The traffic on the highway has been significant over the years with the worst bottlenecks at Burwood Highway, Ferntree Gully Road, Wellington Road, Princes Highway, and Thompsons Road, but since the opening of the EastLink, the traffic burden has significantly reduced along the highway with the north–south tollway, opening to traffic on 29 June 2008.

Route
Stud Road starts at the intersection with Mountain Highway in Bayswater and heads south as a four-lane, dual-carriageway road, crossing Burwood Highway at Wantirna South (and the beginning of Dandenong Valley Highway), where it widens to a six-lane, dual-carriageway road (sharing a dedicated bus lane on-and-off) and continues south through Scoresby to Rowville, crossing Wellington Road and narrowing back to a four-lane, dual-carriageway road. It continues south to Dandenong, narrowing further to a four-lane, single-carriageway road south past David Street, changes names to Foster Street south of Clow Street, to the intersection with Princes Highway through central Dandenong. Running concurrent along Princes Highway, it resumes running south along Frankston-Dandenong Road as a four-lane, dual-carriageway road through Dandenong South and Carrum Downs, where it eventually crosses west under the Frankston railway line (at the end of Dandenong Valley Highway) as Overton Road, then turns immediately south along Dandenong Road West as a dual-lane single-carriageway road, all the way along Fletcher Road, where it briefly becomes a four-lane, dual-carriageway road again before it terminates at Nepean Highway in Frankston.

History
The elimination of the railway crossing where Dandenong-Frankston Road crossed the Pakenham railway line in Dandenong commenced in 1956, carried out by the Dandenong Shire Council, with assistance from Victorian Railways and the Country Roads Board, and completed in 1957, with the eastern half of a four-lane overpass over the railway completed and open to traffic in September, and the western half completed not long afterwards.

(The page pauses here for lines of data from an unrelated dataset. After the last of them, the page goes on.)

Definition inner_aut (phi : {perm (K * K)}) : Prop :=
  exists c cl : K * K, [/\ c != sf_zero,
     sf_mul sigma a cl c = sf_one &
     forall x, x != sf_zero -> phi x = sf_mul sigma a (sf_mul sigma a cl x) c].

Definition extends_to_aut (phi : {perm (K * K)}) : Prop :=
  exists H : K * K -> K * K, sf_alg_aut sigma a H /\
     forall x, x != sf_zero -> H x = phi x.

Definition fixF : {set K} := [set x | sigma x == x].
End Loop.

From HB Require Import structures.
From mathcomp Require Import all_boot all_order all_algebra all_fingroup all_solvable.
From mathcomp Require Import all_field.
From mathcomp Require Import zify ring.

Set Implicit Arguments. Unset Strict Implicit. Unset Printing Implicit Defensive.
Import GRing.Theory FinRing.Theory.

(* Let F be the fixed field of sigma and q = |F|. As K = F + F d, |K| = q^2 and sigma is
   the Frobenius x |-> x^q. If k sigma(k) = 1, the twist x0 + x1 t |-> x0 + x1 k t is an
   automorphism of S_f, and for k = sigma(c)/c it is conjugation by c. Taking c a generator of
   K^x, w = sigma(c)/c = c^(q-1) has order q+1, so the twists by powers of w form the cyclic
   group of (i).
   If sigma(a) = -a, the semilinear map x0 + x1 t |-> sigma(x0) + sigma(x1) k t with
   k sigma(k) = -1 (take k = c^((q-1)/2)) is an automorphism as well; it inverts the twist by w
   and squares to the twist by -1 = w^((q+1)/2), so the two generate a group satisfying the
   dicyclic relations, of order 2(q+1) since the semilinear map is not a twist. That these
   relations present a group of order 2n is seen on the extended dihedral group
   <u> x| <v> (u^n = v^4 = 1, u^v = u^-1), whose quotient by the central involution
   u^(n/2) v^2 is the dicyclic group. *)

Section Dicyclic.
Local Open Scope group_scope.

Section DicyclicQuotient.

Variables (n : nat) (gT : finGroupType) (u v : gT).
Hypotheses (n_gt1 : (1 < n)%N) (n_even : ~~ odd n).
Hypotheses (sd_uv : <[u]> ><| <[v]> = [set: gT]) (o_u : #[u] = n) (o_v : #[v] = 4)
  (conj_uv : u ^ v = u^-1).

Local Notation r := n./2.
Let z := u ^+ r * v ^+ 2.

Let double_r : (2 * r)%N = n.
Proof. by rewrite mul2n -[RHS]odd_double_half (negPf n_even). Qed.
Definition rep_continuous (K : (nat -> nat) -> H -> H) : Prop :=
  forall (eta : H) (e : R), 0 < e -> exists k : nat, forall s,
    is_perm_inf s -> fixes_upto k s -> hnorm (K s eta - eta) <= e.

Definition ccvg (z : nat -> R[i]) (l : R[i]) : Prop :=
  forall e : R, 0 < e -> exists N : nat, forall m : nat,
    (N <= m)%N -> ComplexField.Normc.normc (z m - l) < e.

Definition wot_cvg (A : nat -> H -> H) (T : H -> H) : Prop :=
  forall xi eta : H, ccvg (fun m => ip (A m xi) eta) (ip (T xi) eta).

End Hilbert.

(* The real parts of the matrix coefficients m |-> <K(^n sigma_m) xi, eta> form a
   Cauchy sequence.  For k <= m and m + k <= M one has sigma_M = b o sigma_m o t,
   where the block swap b only moves points beyond n + m and t only moves points
   beyond n + k.  By continuity K(t) xi and K(b) eta are close to xi and eta once k
   is large, and b is an involution, so <K(sigma_M) xi, eta> =
   <K(sigma_m) K(t) xi, K(b) eta> is close to <K(sigma_m) xi, eta>.  The limit is a
   bounded form, represented by an operator P through the Riesz representation
   theorem (proved here for real-linear functionals: a maximizing sequence in the
   unit ball is Cauchy by the parallelogram law).  P is self-adjoint because every
   sigma_m is an involution and K is unitary. *)

From mathcomp Require Import all_boot all_order all_algebra.
From mathcomp Require Import reals.
From mathcomp.real_closed Require Import complex.
From mathcomp Require Import zify ring lra.
From mathcomp Require Import boolp classical_sets.
Set Implicit Arguments. Unset Strict Implicit. Unset Printing Implicit Defensive.
Import Order.TTheory GRing.Theory Num.Theory.
Local Open Scope ring_scope.
Local Open Scope complex_scope.

Section ComplexParts.
Variable R : rcfType.
Local Notation Re := complex.Re.
Local Notation Im := complex.Im.
Implicit Types a b : R[i].

Lemma ReD a b : Re (a + b) = Re a + Re b. Proof. by case: a => ? ?; case: b => ? ?. Qed.
Lemma ImD a b : Im (a + b) = Im a + Im b. Proof. by case: a => ? ?; case: b => ? ?. Qed.
Lemma ReN a : Re (- a) = - Re a. Proof. by case: a. Qed.
Lemma ImN a : Im (- a) = - Im a. Proof. by case: a. Qed.
Lemma ReM a b : Re (a * b) = Re a * Re b - Im a * Im b.
Proof. by case: a => ? ?; case: b => ? ?. Qed.
Lemma ReJ a : Re a^* = Re a. Proof. by case: a. Qed.

Lemma complexP a b : Re a = Re b -> Im a = Im b -> a = b.
Proof. by case: a => ? ?; case: b => ? ? /= -> ->. Qed.

Lemma Re_conjiM a : Re ('i^* * a) = Im a.
Proof. by case: a => ? ? /=; lra. Qed.

Lemma normc_le_ReIm a : ComplexField.Normc.normc a <= `|Re a| + `|Im a|.
Proof.
case: a => x y /=; rewrite /ComplexField.Normc.normc.
have xy_ge0 : 0 <= `|x| + `|y| by rewrite addr_ge0.
rewrite -[leRHS](ger0_norm xy_ge0) -(sqrtr_sqr (`|x| + `|y|)) ler_sqrt ?sqr_ge0 //.
have := mulr_ge0 (normr_ge0 x) (normr_ge0 y).
by rewrite sqrrD !real_normK ?num_real //; lra.
Qed.
End ComplexParts.

Section InnerProduct.
Variables (R : realType) (H : lmodType R[i]) (ip : H -> H -> R[i]).
Hypothesis hH : is_hilbert ip.
Local Notation Re := complex.Re.
Local Notation Im := complex.Im.
Local Notation hn := (hnorm ip).
Implicit Types (a : R[i]) (r : R) (x y z : H).

Definition sqnorm x : R := Re (ip x x).

Lemma ipDZl a x y z : ip (a *: x + y) z = a * ip x z + ip y z.
Proof. by case: hH. Qed.

Lemma ipC x y : ip y x = (ip x y)^*.
Proof. by case: hH. Qed.
Lemma persistent_trace_extend n X :
  persistent_trace n X -> exists X', persistent_trace (S n) X' /\ inter X' (U n) = X.
Proof.
  intros HX. destruct (U_finite (S n)) as [L HL].
  destruct (infinitely_often_subset L (fun j X' =>
      countermodel_trace (S n) j X' /\ inter X' (U n) = X)) as [X' [_ HX']].
  - intro j. destruct (HX (Nat.max j (S n))) as [j' [Hj [_ [Y [HY [HYF HYX]]]]]].
    exists j'; split; [lia |]. exists (inter Y (U (S n))).
    split; [intros A [_ HA]; apply HL, HA |]. split.
    + split; [lia |]. exists Y; auto.
    + rewrite <- HYX. apply aset_ext; intro A; unfold inter; split; [tauto |].
      intros [HYA HUA]; repeat split; auto. apply (U_mono n); auto.
  - exists X'. split.
    + intro j. destruct (HX' j) as [j' [Hj [Htrace _]]]. exists j'; auto.
    + destruct (HX' 0) as [_ [_ [_ HX'X]]]. exact HX'X.
Qed.

Lemma stable_countermodel : exists M, stable_model Q M /\ ~ holds M F.
Proof.
  destruct (dependent_choice persistent_trace (fun n X X' => inter X' (U n) = X)
              persistent_trace_base persistent_trace_extend) as [Ms HMs].
  assert (Ms_stable : forall n, stable_model (bot Q (U n)) (Ms n))
    by (intro n; apply persistent_trace_countermodel, HMs).
  assert (Ms_compat : forall n, inter (Ms (S n)) (U n) = Ms n) by (intro n; apply HMs).
  exists (Mlim Ms). split; [exact (Mlim_stable Q U Ms U_splits U_mono U_cover Ms_stable Ms_compat) |].
  intro HF. apply (persistent_trace_countermodel 0 (Ms 0) (proj1 (HMs 0))).
  revert HF; apply holds_agree. intros A HA. symmetry.
  apply (Mlim_restrict Q U Ms U_splits U_mono Ms_stable Ms_compat), F_in_U0, HA.
Qed.

End Compactness.

Definition depset (P : program) (p : nat -> atom) (k : nat) : aset :=
  fun A => exists i, 1 <= i <= k /\ depends P (p i) A.

Lemma depset_splits P p k : splits (Ground P) (depset P p k).
Proof.
  intros r A B Hr HA [i [Hi Hdep]] HB. exists i; split; auto.
  eapply rt_trans; [exact Hdep | apply rt_step; exists r; auto].
Qed.

Lemma module_bot P p k : module P p k = bot (Ground P) (depset P p k).
Proof.
  apply rset_ext; intro r; unfold module, bot, depset; split.
  - intros [Hr [i [Hi [A [HA Hdep]]]]]. split; auto. exists A; split; eauto.
  - intros [Hr [A [HA [i [Hi Hdep]]]]]. split; auto. exists i; split; eauto.
Qed.

Lemma depset_mono P p n m : n <= m -> subset (depset P p n) (depset P p m).
Proof. intros Hnm A [i [Hi Hdep]]. exists i; split; [lia | auto]. Qed.

Lemma depset_finite P p : finitely_recursive P ->
  forall k, exists L, forall A, depset P p k A -> In A L.
Proof.
  intros Hfin. induction k as [|k [L IH]].
  - exists []. intros A [i [Hi _]]. lia.
  - destruct (Hfin (p (S k))) as [l Hl]. exists (L ++ l). intros A [i [Hi Hdep]].
    apply in_or_app. destruct (Nat.eq_dec i (S k)) as [-> | Hne].
    + right; auto.
    + left; apply IH. exists i; split; [lia | auto].
Qed.

Lemma module_mono P p n m r : n <= m -> module P p n r -> module P p m r.
Proof. intros Hnm [Hr [i [Hi HAi]]]. split; auto. exists i; split; [lia | auto]. Qed.

Lemma atoms_of_module_mono P p n m A :
  n <= m -> atoms_of (module P p n) A -> atoms_of (module P p m) A.
Proof. intros Hnm [r [Hr HA]]. exists r; split; auto. apply (module_mono P p n); auto. Qed.

(* Every ground rule has a head atom (P is disjunctive), which is some p_i. *)
Lemma module_cover P p : disjunctive_program P -> enumerates (ground_heads P) p ->
  forall r, Ground P r -> exists n, 1 <= n /\ module P p n r.
Proof.
  intros Hdisj [_ Henum] r Hr.
  assert (Hhead : exists A, In A (head r)).
  { destruct Hr as [r0 [s [Hin [_ ->]]]]. simpl.
    pose proof (Hdisj r0 Hin) as Hne. destruct (head r0) as [|A t]; [congruence |].
    exists (subst_atom s A); simpl; auto. }
  destruct Hhead as [A HA].
  destruct (Henum A) as [i [Hi Hpi]]; [exists r; auto |].
  exists i; split; auto. split; auto. exists i; split; [lia |].
  exists A; split; auto. rewrite Hpi. apply rt_refl.
Qed.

The entire alignment (as its constituent roads) was signed as Metropolitan Route 9 between Wantirna and Frankston in 1965. It was re-routed from Dandenong Road East and Beach Street through Frankston to its current alignment when the Beach Street railway crossing was eliminated in 1991.

The passing of the Transport Act of 1983 (itself an evolution from the original Highways and Vehicles Act of 1924) provided for the declaration of State Highways, roads two-thirds financed by the State government through the Road Construction Authority (later VicRoads). The Stud Highway and Dandenong-Frankston Highway were declared State Highways in March 1990, from Burwood Highway in Wantirna South to the Princes Highway in Dandenong (as Stud Highway), and from there to the Wells Road/Overton Road intersection just north of Frankston (as Dandenong-Frankston Highway). These two highways were fused into one only 9 months later, and re-declared as the Dandenong Valley Highway in December 1990, in the same alignment as the previous highways, from Wantirna South to Frankston; however all roads were known (and signposted) as their constituent parts.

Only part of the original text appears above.